The Ukrainian struggle is heroic, but comparisons to Chanukah are facile

Volodymyr Zelensky’s trip to the US coincided with Chanukah. President Biden said:
“A time when Jewish people around the world, President Zelensky and many families among them, honor the timeless miracle of a small band of warriors fighting for the values and their freedom against a much larger foe and how they endured and how they overcame. How the flame of faith with only enough oil for one day burned brightly for eight days. The story of survival and resilience that reminds us on the coldest day of the year, that light will always prevail over darkness.”

Precisely because there is some truth in this statement, its distortion of the Chanukah message demonstrates the danger in cultural misappropriation. Yes, Zelensky and Ukraine are fighting a heroic battle for freedom against a much larger foe, just like the Maccabees did. Yes, the Ukrainians’ resilience deserves our admiration, our weaponry and our economic support. Ukraine is paying the price the West would otherwise have to pay to counter Russia’s aggressive designs.

To point out the qualitative differences between Ukraine’s struggle and the Maccabees’ struggle is not to diminish the importance or the heroism of Ukraine and the amazing leadership of Zelensky. But no, the struggle of the Maccabees was not a war for ” and “freedom” and “faith” and other abstractions that eviscerate the three Jewish laser foci of the Maccabees’ battle: circumcision, rosh chodesh and Shabbat.

These were the three main elements of Jewish faith that the Syrian Greeks tried to uproot in the Jewish community — and the three goals that motivated the Maccabean military resistance.

• The freedom to practice circumcision, because it is the root of Jewish identity;

• the freedom to practice rosh chodesh, because without the ability to mark the first of every Hebrew month, the timing of every Jewish holiday were be violated; i.e., the Jewish calendar and hence Jewish life would be lost;

• the freedom to observe Shabbat, because it testifies to the Jewish connection to G-d, it affirms the creation of the universe by the Alm-ghty and it rhythmically infuses Jewish life with sacred joy.
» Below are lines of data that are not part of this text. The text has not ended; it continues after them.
(* Let $n\in\mathbb{N}$, $K>0$, $\alpha,\beta,\kappa,a,c\in\mathbb{R}$, and let $H$ be a symmetric $n\times n$ real matrix with $-KI\preceq H\preceq KI$. Consider the symmetric $2n\times2n$ matrix $$A=\begin{pmatrix}\alpha I&\beta I+aH\\\beta I+aH&\kappa I+cH\end{pmatrix}.$$ If $-cK-\alpha-\kappa\le0$ in the case $c\le0$ (respectively $cK-\alpha-\kappa\le0$ in the case $c>0$), and $$a^2K^2-(c\alpha-2\beta a)K-\alpha\kappa+\beta^2\le0,\qquad a^2K^2+(c\alpha-2\beta a)K-\alpha\kappa+\beta^2\le0,$$ then $A$ is positive semidefinite.
   Context: $I$ denotes the $n\times n$ identity matrix and $\preceq$ the Loewner order on symmetric matrices. *)

From mathcomp Require Import all_boot all_order all_algebra.
From mathcomp Require Import reals.
Set Implicit Arguments. Unset Strict Implicit. Unset Printing Implicit Defensive.
Import Order.TTheory GRing.Theory Num.Theory.
Local Open Scope ring_scope.

Definition is_symmetric_mx (R : pzRingType) (n : nat) (A : 'M[R]_n) : Prop := A^T = A.

Definition psdmx (R : numDomainType) (n : nat) (A : 'M[R]_n) : Prop :=
  forall x : 'cV[R]_n, 0 <= (x^T *m A *m x) 0 0.

Definition loewner_le (R : numDomainType) (n : nat) (A B : 'M[R]_n) : Prop :=
  psdmx (B - A).

From mathcomp Require Import all_boot all_order all_algebra.
From mathcomp Require Import reals ring lra.
Import Order.TTheory GRing.Theory Num.Theory.
Set Implicit Arguments. Unset Strict Implicit.
Local Open Scope ring_scope.

(* With [y = H v], [s0 = |v|^2], [s1 = <v, y>] and [s2 = |y|^2], the bounds
   [-K <= H <= K] give [|s1| <= K s0] and [s2 <= K^2 s0].  For [alpha > 0],
   completing the square in [u] gives
     [alpha * x^T A x = |alpha u + beta v + a y|^2 + T]
   where [T = (alpha kappa - beta^2) s0 + (c alpha - 2 beta a) s1 - a^2 s2],
   and [2K T] is a nonnegative combination of [K^2 s0 - s2], [K s0 + s1] and
   [K s0 - s1] whose coefficients are [2 K a^2] and minus the two quadratic
   hypotheses.  The hypotheses force [alpha >= 0], and [alpha = 0] forces
   [beta = a = 0], leaving [kappa s0 + c s1 >= 0]. *)

Section DotProduct.
Variables (R : comPzRingType) (n : nat).

Definition dotmx (p q : 'cV[R]_n) : R := (p^T *m q) 0 0.

Lemma dotmxC p q : dotmx p q = dotmx q p.
Proof. by rewrite /dotmx -{1}(trmxK q) -trmx_mul mxE. Qed.

Lemma dotmxDr p q r : dotmx p (q + r) = dotmx p q + dotmx p r.
Proof. by rewrite /dotmx mulmxDr mxE. Qed.

Lemma dotmxDl p q r : dotmx (q + r) p = dotmx q p + dotmx r p.
Proof. by rewrite dotmxC dotmxDr !(dotmxC p). Qed.

Lemma dotmxZr k p q : dotmx p (k *: q) = k * dotmx p q.
Proof. by rewrite /dotmx -scalemxAr mxE. Qed.

Lemma dotmxZl k p q : dotmx (k *: p) q = k * dotmx p q.
Proof. by rewrite dotmxC dotmxZr dotmxC. Qed.

Lemma dotmxNr p q : dotmx p (- q) = - dotmx p q.
Proof. by rewrite -scaleN1r dotmxZr mulN1r. Qed.

Lemma dotmxNl p q : dotmx (- p) q = - dotmx p q.
Proof. by rewrite dotmxC dotmxNr dotmxC. Qed.

Lemma dotmx_mulmx_sym (H : 'M[R]_n) p q :
  is_symmetric_mx H -> dotmx p (H *m q) = dotmx (H *m p) q.
Proof. by move=> sH; rewrite /dotmx trmx_mul sH mulmxA. Qed.

Lemma qform_scalar_addZ (H : 'M[R]_n) k l p q :
  (p^T *m (k%:M + l *: H) *m q) 0 0 = k * dotmx p q + l * dotmx p (H *m q).
Proof.
by rewrite mulmxDr mulmxDl mul_mx_scalar -scalemxAl -scalemxAr -scalemxAl /dotmx mulmxA !mxE.
Qed.

Lemma qform_scalar k p q : (p^T *m k%:M *m q) 0 0 = k * dotmx p q.
Proof. by rewrite mul_mx_scalar -scalemxAl /dotmx !mxE. Qed.

End DotProduct.

Lemma dotmx_ge0 (R : realDomainType) n (p : 'cV[R]_n) : 0 <= dotmx p p.
Proof. by rewrite /dotmx mxE; apply: sumr_ge0 => i _; rewrite mxE -expr2 sqr_ge0. Qed.

Section LoewnerBounds.
Variables (R : realDomainType) (n : nat) (K : R) (H : 'M[R]_n).
Hypotheses (sH : is_symmetric_mx H)
  (HgeK : loewner_le (- K%:M) H) (HleK : loewner_le H K%:M).

Lemma dotmx_mulmx_lbound v : 0 <= K * dotmx v v + dotmx v (H *m v).
Proof. by have := HgeK v; rewrite opprK addrC -{1}[H]scale1r qform_scalar_addZ mul1r. Qed.

Lemma dotmx_mulmx_ubound v : 0 <= K * dotmx v v - dotmx v (H *m v).
Proof. by have := HleK v; rewrite -scaleN1r qform_scalar_addZ mulN1r. Qed.

Lemma norm_dotmx_mulmx_le v : `|dotmx v (H *m v)| <= K * dotmx v v.
Proof.
by rewrite ler_norml -subr_ge0 opprK addrC dotmx_mulmx_lbound -subr_ge0 dotmx_mulmx_ubound.
Qed.

(* Test the two bounds on [K v + H v] and [K v - H v]: the cubic terms cancel,
   as [(K+H)(K-H)(K+H) + (K-H)(K+H)(K-H) = 2K (K^2 - H^2)]. *)
Lemma dotmx_mulmx_sqr_le v :
  0 < K -> dotmx (H *m v) (H *m v) <= K ^+ 2 * dotmx v v.
Proof.
move=> K_gt0; set y := H *m v; set z := H *m y.
have Hw_add : H *m (K *: v + y) = K *: y + z by rewrite mulmxDr -scalemxAr.
have Hw_sub : H *m (K *: v - y) = K *: y - z by rewrite mulmxDr mulmxN -scalemxAr.
have vz_yy : dotmx v z = dotmx y y by rewrite dotmx_mulmx_sym.
have := dotmx_mulmx_ubound (K *: v + y); have := dotmx_mulmx_lbound (K *: v - y).
rewrite Hw_add Hw_sub !(dotmxDl, dotmxDr, dotmxZl, dotmxZr, dotmxNl, dotmxNr).
rewrite vz_yy (dotmxC y v) => w_sub w_add.
have : 0 <= 2 * K * (K ^+ 2 * dotmx v v - dotmx y y) by lra.
by rewrite pmulr_rge0 ?subr_ge0 // mulr_gt0.
Qed.

End LoewnerBounds.

Section BlockForm.
Variables (R : comPzRingType) (n : nat).
Implicit Types (u v y : 'cV[R]_n) (H : 'M[R]_n).

Lemma qform_block alpha beta kappa a c H u v : is_symmetric_mx H ->
  ((col_mx u v)^T *m block_mx (alpha%:M) (beta%:M + a *: H)
                              (beta%:M + a *: H) (kappa%:M + c *: H)
                 *m col_mx u v) 0 0
  = alpha * dotmx u u + 2 * beta * dotmx u v + 2 * a * dotmx u (H *m v)
    + kappa * dotmx v v + c * dotmx v (H *m v).
Proof.
move=> sH; have entryD (A B : 'M[R]_1) : (A + B) 0 0 = A 0 0 + B 0 0 by rewrite mxE.
rewrite tr_col_mx mul_row_block mul_row_col !mulmxDl !entryD.
rewrite !qform_scalar_addZ !qform_scalar (dotmxC v u) dotmx_mulmx_sym //.
by rewrite (dotmxC (H *m v) u); ring.
Qed.

Lemma mulr_form_completed_square alpha beta kappa a c u v y :
  alpha * (alpha * dotmx u u + 2 * beta * dotmx u v + 2 * a * dotmx u y
           + kappa * dotmx v v + c * dotmx v y)
  = dotmx (alpha *: u + beta *: v + a *: y) (alpha *: u + beta *: v + a *: y)
    + ((alpha * kappa - beta ^+ 2) * dotmx v v
       + (c * alpha - 2 * beta * a) * dotmx v y - a ^+ 2 * dotmx y y).
Proof.
rewrite !(dotmxDl, dotmxDr, dotmxZl, dotmxZr).
by rewrite (dotmxC v u) (dotmxC y u) (dotmxC y v); ring.
Qed.

End BlockForm.

Section Coefficients.
Variables (R : realFieldType) (K alpha beta kappa a c : R).
Hypotheses (K_gt0 : 0 < K)
  (cond_sub : a ^+ 2 * K ^+ 2 - (c * alpha - 2 * beta * a) * K
              - alpha * kappa + beta ^+ 2 <= 0)
  (cond_add : a ^+ 2 * K ^+ 2 + (c * alpha - 2 * beta * a) * K
              - alpha * kappa + beta ^+ 2 <= 0).

Lemma coef_sqr_le : (a * K) ^+ 2 + beta ^+ 2 <= alpha * kappa.
Proof. by have := cond_sub; have := cond_add; rewrite exprMn; lra. Qed.

Lemma coef_alpha_ge0 : `|c| * K <= alpha + kappa -> 0 <= alpha.
Proof.
move=> cK; have := coef_sqr_le; have := sqr_ge0 (a * K); have := sqr_ge0 beta.
have := mulr_ge0 (normr_ge0 c) (ltW K_gt0); nra.
Qed.

Lemma coef_alpha_eq0 : alpha = 0 -> beta = 0 /\ a = 0.
Proof.
move=> alpha0; have := coef_sqr_le; rewrite alpha0 mul0r => sqr_le0.
have /andP[] : ((a * K) ^+ 2 == 0) && (beta ^+ 2 == 0).
  by rewrite -paddr_eq0 ?sqr_ge0 // eq_le sqr_le0 addr_ge0 ?sqr_ge0.
by rewrite !sqrf_eq0 mulf_eq0 (gt_eqF K_gt0) orbF => /eqP -> /eqP ->.
Qed.

Lemma schur_term_ge0 s0 s1 s2 :
  `|s1| <= K * s0 -> s2 <= K ^+ 2 * s0 ->
  0 <= (alpha * kappa - beta ^+ 2) * s0 + (c * alpha - 2 * beta * a) * s1
       - a ^+ 2 * s2.
Proof.
rewrite ler_norml => /andP[s1_ge s1_le] s2_le.
set T := _ - _.
pose f := a ^+ 2 * K ^+ 2 - alpha * kappa + beta ^+ 2.
pose g := (c * alpha - 2 * beta * a) * K.
have T2K : 2 * K * T = 2 * K * a ^+ 2 * (K ^+ 2 * s0 - s2)
                       + (K * s0 + s1) * - (f - g) + (K * s0 - s1) * - (f + g).
  by rewrite /T /f /g; ring.
have fg_sub : f - g <= 0 by move: cond_sub; rewrite /f /g; lra.
have fg_add : f + g <= 0 by move: cond_add; rewrite /f /g; lra.
rewrite -(pmulr_rge0 _ (mulr_gt0 (ltr0Sn _ 1) K_gt0)) T2K.
have K_ge0 := ltW K_gt0.
have coef_ge0 : 0 <= 2 * K * a ^+ 2 by rewrite mulr_ge0 ?sqr_ge0 // mulr_ge0.
rewrite !addr_ge0 // mulr_ge0 ?oppr_ge0 ?subr_ge0 //; lra.
Qed.

Lemma cross_term_ge0 s0 s1 :
  `|c| * K <= kappa -> `|s1| <= K * s0 -> 0 <= kappa * s0 + c * s1.
Proof.
move=> cK s1_le; have s0_ge0 : 0 <= s0.
  by rewrite -(pmulr_rge0 _ K_gt0); apply: le_trans s1_le.
have : `|c * s1| <= kappa * s0.
  rewrite normrM; apply: le_trans (ler_wpM2l (normr_ge0 c) s1_le) _.
  by rewrite mulrA ler_wpM2r.
by rewrite ler_norml => /andP[]; lra.
Qed.

End Coefficients.

Theorem propositionF18 (R : realType) (n : nat) (K alpha beta kappa a c : R)
    (H : 'M[R]_n) :
  0 < K ->
  is_symmetric_mx H ->
  loewner_le (- (K%:M)) H -> loewner_le H (K%:M) ->
  (c <= 0 -> - c * K - alpha - kappa <= 0) ->
  (0 < c -> c * K - alpha - kappa <= 0) ->
  a ^+ 2 * K ^+ 2 - (c * alpha - 2 * beta * a) * K - alpha * kappa + beta ^+ 2 <= 0 ->
  a ^+ 2 * K ^+ 2 + (c * alpha - 2 * beta * a) * K - alpha * kappa + beta ^+ 2 <= 0 ->
  psdmx (block_mx (alpha%:M) (beta%:M + a *: H)
                  (beta%:M + a *: H) (kappa%:M + c *: H) : 'M[R]_(n + n)).
Proof.
move=> K_gt0 sH HgeK HleK c_le0 c_gt0 cond_sub cond_add x.
have cK : `|c| * K <= alpha + kappa.
  have [c_le|c_pos] := lerP c 0.
  - by rewrite ler0_norm //; have := c_le0 c_le; lra.
  - by rewrite gtr0_norm //; have := c_gt0 c_pos; lra.
have s1_le := norm_dotmx_mulmx_le HgeK HleK (dsubmx x).
have s2_le := dotmx_mulmx_sqr_le sH HgeK HleK (dsubmx x) K_gt0.
rewrite -(vsubmxK x) qform_block //.
move: (coef_alpha_ge0 K_gt0 cond_sub cond_add cK).
rewrite le_eqVlt => /predU1P[alpha0|alpha_gt0].
- have [-> ->] := coef_alpha_eq0 K_gt0 cond_sub cond_add (esym alpha0).
  rewrite -alpha0 add0r in cK; rewrite -alpha0 !(mul0r, mulr0, add0r).
  exact: (cross_term_ge0 K_gt0 cK s1_le).
- rewrite -(pmulr_rge0 _ alpha_gt0) mulr_form_completed_square addr_ge0 ?dotmx_ge0 //.
  exact: (schur_term_ge0 K_gt0 cond_sub cond_add s1_le s2_le).
Qed.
As for the “flame of faith with only enough oil for one day,” this was the flame of the most particularistic Jewish focus of all: the Divine service of the exclusively Jewish, ritual purity of oil and of other items in the ancient Holy Temple in Jerusalem.

The Jewish laser foci of the Maccabees amounted to a civil war as much as a war against an external enemy. The Jewish Hellenizers of the time — the Jewish assimilationists — were also fiercely opposed by the Maccabees. When the Maccabees finally wrested control of the ancient Holy Temple from the Syrian Greeks and the miracle of the oil occurred, the Jewish Hellenizers were not on the scene. The Chanukah miracle was as much a firm rebuke of the assimilationists as it was a renewal of Jewish sovereignty.

Zelensky drew strength from Chanukah’s theme of political sovereignty —“those who were outnumbered defeated those who outnumbered them,” he said — but he, like Biden, was oblivious to the three Jewish foci of Chanukah. It was not merely that “light defeated darkness,” as Zelensky put it, it was that the light of ritually pure oil in the ritual center of the Jewish people that defeated the darkness that the extirpation of circumcision, rosh chodesh and Shabbat would signal.